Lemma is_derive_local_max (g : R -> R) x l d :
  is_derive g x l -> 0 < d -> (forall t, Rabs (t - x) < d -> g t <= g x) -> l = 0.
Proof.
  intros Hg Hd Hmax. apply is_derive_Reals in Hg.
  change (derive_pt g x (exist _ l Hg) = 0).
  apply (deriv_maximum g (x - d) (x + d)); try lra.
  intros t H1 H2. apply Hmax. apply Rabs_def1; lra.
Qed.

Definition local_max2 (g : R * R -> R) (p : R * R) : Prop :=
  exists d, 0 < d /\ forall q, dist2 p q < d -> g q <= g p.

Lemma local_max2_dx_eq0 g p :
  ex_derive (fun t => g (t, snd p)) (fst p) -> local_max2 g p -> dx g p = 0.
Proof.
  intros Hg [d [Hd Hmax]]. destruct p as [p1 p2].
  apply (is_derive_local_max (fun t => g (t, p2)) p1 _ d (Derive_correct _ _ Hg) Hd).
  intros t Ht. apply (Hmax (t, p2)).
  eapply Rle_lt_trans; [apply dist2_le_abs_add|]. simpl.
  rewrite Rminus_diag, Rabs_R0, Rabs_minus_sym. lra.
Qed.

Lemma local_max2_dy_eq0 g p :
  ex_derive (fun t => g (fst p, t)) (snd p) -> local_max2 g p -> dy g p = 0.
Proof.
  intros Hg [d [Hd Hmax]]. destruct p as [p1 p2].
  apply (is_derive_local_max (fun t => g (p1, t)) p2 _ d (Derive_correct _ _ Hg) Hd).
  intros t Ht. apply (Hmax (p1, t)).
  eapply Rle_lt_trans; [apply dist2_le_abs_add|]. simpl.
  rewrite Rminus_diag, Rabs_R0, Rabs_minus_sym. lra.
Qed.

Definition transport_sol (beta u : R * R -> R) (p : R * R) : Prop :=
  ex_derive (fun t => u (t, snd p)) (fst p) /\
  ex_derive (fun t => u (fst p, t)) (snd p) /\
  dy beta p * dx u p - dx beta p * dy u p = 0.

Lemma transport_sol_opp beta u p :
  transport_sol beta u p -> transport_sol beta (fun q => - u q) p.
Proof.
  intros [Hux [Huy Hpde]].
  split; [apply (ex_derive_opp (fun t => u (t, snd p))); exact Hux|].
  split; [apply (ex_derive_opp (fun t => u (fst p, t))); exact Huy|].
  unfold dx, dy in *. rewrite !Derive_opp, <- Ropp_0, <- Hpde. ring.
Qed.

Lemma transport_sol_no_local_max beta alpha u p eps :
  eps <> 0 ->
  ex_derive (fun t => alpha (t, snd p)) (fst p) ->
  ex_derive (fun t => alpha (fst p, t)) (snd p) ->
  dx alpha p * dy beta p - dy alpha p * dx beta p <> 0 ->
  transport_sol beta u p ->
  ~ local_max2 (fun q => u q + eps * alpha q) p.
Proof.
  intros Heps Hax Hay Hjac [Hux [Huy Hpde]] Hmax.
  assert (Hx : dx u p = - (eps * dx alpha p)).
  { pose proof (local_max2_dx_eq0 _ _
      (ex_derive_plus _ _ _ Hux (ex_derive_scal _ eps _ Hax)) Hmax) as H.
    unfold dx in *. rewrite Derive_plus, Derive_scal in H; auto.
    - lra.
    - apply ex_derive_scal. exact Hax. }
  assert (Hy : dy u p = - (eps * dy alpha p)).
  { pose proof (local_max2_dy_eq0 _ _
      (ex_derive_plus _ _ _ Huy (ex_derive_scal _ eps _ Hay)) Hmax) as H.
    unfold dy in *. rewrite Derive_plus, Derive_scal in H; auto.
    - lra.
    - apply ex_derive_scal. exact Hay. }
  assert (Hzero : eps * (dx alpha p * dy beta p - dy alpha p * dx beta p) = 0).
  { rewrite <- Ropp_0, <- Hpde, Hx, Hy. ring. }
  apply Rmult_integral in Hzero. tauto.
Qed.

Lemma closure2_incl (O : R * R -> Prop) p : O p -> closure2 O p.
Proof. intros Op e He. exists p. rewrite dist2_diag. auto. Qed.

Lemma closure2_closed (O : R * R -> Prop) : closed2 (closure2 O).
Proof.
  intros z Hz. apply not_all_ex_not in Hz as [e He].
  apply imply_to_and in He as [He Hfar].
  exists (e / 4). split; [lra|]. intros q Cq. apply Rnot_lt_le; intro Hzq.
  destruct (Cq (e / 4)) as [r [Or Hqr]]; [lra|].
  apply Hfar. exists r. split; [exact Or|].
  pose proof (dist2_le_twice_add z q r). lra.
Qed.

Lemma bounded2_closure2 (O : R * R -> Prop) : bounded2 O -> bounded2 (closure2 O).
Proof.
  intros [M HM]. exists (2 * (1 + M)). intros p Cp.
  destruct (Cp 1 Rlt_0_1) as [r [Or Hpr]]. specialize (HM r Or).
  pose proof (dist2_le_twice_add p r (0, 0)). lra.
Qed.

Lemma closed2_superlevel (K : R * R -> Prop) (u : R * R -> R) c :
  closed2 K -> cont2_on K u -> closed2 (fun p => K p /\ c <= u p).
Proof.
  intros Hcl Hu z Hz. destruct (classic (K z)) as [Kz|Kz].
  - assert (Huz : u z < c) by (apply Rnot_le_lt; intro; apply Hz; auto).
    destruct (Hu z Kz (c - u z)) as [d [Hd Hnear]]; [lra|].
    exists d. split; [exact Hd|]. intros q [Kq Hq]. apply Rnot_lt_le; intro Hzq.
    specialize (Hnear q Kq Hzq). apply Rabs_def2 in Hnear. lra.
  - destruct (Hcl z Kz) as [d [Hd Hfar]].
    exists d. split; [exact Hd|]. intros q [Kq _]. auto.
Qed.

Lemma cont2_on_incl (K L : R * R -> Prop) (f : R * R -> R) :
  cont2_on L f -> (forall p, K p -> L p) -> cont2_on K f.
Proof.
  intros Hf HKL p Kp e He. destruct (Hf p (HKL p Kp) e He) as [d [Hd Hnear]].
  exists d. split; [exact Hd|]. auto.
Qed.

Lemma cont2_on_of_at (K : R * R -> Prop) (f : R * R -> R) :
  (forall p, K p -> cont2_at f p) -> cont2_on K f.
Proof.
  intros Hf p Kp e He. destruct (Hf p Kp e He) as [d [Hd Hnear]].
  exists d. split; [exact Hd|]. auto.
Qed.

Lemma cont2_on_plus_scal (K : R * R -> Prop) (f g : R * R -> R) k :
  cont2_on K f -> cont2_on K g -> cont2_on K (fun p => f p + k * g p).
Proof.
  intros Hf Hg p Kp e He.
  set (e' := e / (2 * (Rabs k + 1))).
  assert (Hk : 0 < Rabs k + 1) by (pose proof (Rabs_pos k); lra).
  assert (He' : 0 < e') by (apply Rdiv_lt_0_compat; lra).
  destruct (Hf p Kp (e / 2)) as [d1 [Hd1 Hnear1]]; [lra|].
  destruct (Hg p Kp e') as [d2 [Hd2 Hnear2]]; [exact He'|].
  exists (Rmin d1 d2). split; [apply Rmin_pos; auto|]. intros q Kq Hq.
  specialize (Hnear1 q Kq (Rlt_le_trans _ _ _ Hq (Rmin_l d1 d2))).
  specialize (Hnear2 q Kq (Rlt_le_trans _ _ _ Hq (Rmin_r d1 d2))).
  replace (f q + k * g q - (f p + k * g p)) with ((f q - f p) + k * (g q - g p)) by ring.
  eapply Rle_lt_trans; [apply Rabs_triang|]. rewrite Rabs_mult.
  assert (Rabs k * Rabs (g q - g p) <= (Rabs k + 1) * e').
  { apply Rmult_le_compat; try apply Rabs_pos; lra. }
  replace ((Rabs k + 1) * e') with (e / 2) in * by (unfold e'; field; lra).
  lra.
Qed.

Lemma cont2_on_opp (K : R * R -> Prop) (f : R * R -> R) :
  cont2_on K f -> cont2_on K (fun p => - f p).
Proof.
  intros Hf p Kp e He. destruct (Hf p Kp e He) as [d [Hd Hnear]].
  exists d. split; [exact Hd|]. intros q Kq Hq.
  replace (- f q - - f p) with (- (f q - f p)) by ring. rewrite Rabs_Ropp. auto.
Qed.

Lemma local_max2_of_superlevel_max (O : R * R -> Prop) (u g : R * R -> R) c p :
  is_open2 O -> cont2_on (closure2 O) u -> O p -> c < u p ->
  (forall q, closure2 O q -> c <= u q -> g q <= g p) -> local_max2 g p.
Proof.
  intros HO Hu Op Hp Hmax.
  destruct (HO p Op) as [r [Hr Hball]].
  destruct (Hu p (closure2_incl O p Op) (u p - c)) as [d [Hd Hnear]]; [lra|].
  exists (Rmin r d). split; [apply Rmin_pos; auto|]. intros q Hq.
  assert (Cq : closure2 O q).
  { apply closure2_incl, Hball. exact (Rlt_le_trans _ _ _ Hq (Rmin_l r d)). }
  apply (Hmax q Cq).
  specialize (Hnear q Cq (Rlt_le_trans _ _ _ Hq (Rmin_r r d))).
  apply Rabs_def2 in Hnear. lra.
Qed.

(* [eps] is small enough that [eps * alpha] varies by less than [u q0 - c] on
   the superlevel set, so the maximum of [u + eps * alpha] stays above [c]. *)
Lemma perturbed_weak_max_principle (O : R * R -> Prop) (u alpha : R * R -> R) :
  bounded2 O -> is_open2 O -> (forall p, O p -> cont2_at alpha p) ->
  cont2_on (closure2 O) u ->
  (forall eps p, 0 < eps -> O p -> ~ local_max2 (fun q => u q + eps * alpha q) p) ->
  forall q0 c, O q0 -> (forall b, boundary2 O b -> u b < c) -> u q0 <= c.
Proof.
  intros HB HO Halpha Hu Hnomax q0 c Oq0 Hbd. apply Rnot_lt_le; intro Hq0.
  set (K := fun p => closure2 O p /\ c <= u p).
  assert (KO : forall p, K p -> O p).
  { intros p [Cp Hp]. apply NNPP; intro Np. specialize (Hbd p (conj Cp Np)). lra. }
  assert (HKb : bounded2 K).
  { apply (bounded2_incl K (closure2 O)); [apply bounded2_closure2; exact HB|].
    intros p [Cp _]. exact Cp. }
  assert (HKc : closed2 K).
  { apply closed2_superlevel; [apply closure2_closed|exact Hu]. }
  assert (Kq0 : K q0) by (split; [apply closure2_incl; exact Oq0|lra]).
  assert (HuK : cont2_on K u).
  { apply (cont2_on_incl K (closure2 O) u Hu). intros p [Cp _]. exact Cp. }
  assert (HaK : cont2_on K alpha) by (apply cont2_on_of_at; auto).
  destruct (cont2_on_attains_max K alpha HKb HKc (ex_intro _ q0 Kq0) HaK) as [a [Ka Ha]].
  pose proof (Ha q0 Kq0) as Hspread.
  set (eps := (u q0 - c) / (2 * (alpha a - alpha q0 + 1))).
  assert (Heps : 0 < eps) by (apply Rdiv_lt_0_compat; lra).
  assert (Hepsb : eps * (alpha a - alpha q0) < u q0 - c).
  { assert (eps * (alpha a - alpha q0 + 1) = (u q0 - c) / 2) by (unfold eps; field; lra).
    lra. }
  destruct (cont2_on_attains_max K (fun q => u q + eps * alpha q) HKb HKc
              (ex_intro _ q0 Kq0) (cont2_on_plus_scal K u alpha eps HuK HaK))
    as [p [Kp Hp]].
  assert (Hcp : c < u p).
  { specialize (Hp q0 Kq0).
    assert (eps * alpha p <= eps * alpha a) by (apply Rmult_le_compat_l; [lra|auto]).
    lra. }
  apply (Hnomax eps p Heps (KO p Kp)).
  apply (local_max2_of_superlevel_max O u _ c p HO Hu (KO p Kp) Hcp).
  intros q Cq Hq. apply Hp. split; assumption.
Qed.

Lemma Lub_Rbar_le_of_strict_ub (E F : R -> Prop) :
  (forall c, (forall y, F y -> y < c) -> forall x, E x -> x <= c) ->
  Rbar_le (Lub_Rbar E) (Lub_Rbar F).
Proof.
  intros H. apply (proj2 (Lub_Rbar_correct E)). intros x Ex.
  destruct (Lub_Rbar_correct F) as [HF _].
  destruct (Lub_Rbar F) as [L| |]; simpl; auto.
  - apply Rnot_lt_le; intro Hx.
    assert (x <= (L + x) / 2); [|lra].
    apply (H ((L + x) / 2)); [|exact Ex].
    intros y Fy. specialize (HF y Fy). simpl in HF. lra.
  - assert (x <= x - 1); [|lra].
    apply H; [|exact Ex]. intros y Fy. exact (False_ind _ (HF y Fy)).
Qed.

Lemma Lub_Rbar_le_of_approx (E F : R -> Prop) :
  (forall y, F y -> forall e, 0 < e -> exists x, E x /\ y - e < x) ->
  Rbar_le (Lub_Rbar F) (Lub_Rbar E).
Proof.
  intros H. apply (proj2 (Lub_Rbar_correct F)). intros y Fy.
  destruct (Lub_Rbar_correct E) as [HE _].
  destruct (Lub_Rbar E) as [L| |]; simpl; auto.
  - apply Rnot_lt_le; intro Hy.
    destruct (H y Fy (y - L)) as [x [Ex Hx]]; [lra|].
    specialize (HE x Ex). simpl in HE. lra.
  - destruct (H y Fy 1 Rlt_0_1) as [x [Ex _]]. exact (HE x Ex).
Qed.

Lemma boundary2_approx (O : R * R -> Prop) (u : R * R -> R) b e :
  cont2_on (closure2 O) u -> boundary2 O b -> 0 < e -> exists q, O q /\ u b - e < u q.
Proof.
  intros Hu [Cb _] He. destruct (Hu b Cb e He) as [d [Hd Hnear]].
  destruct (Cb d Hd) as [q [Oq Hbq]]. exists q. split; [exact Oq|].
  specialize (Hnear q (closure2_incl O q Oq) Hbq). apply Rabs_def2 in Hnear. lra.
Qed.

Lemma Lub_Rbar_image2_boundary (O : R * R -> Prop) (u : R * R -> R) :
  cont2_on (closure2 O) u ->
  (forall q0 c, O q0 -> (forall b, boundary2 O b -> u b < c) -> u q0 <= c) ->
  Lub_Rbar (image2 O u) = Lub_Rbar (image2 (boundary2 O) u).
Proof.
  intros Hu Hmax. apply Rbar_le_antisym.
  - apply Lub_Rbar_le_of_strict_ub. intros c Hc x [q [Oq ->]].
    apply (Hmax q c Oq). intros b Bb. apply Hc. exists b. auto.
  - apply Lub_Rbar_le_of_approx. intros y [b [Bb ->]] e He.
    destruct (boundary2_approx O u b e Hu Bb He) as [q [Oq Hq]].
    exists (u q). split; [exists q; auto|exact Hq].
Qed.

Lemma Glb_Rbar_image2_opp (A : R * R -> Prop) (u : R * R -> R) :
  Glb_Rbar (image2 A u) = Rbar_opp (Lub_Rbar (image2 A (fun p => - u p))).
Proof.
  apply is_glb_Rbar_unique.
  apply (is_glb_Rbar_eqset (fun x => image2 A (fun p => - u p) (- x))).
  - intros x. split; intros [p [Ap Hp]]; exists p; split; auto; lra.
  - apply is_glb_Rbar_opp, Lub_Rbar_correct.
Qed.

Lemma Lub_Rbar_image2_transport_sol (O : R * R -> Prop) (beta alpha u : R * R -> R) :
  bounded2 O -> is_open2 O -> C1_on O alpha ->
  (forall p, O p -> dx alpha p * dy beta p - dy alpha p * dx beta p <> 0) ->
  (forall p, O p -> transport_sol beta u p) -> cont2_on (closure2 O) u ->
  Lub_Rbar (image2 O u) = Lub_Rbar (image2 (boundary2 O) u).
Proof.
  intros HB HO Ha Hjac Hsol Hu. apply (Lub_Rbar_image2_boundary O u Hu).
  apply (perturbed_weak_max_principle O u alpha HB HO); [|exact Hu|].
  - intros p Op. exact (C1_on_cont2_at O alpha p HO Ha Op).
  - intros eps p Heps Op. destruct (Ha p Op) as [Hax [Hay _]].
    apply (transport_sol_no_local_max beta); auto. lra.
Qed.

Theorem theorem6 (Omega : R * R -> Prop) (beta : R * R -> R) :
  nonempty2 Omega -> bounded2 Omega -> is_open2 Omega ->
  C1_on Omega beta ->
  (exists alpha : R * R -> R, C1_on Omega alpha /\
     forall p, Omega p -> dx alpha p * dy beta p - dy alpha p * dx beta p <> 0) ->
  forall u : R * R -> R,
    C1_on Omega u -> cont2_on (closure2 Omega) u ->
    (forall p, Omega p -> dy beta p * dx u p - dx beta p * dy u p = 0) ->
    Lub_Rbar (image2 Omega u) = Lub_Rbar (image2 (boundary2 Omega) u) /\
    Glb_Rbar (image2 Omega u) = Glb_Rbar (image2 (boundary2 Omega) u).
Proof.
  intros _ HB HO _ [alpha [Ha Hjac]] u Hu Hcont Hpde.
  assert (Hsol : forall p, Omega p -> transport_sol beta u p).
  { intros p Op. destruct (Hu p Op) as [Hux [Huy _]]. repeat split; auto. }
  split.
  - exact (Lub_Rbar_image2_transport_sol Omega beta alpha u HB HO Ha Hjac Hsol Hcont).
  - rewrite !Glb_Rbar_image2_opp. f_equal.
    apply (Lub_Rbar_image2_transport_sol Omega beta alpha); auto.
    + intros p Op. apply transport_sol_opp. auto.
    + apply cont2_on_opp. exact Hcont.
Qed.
--------------------
### AIM OF THE EXERCISE
Wherever the string "field" occurs in the records, copy the line it is in.

### RESPONSE TO THE TASK
  replace ((Rabs k + 1) * e') with (e / 2) in * by (unfold e'; field; lra).
  { assert (eps * (alpha a - alpha q0 + 1) = (u q0 - c) / 2) by (unfold eps; field; lra).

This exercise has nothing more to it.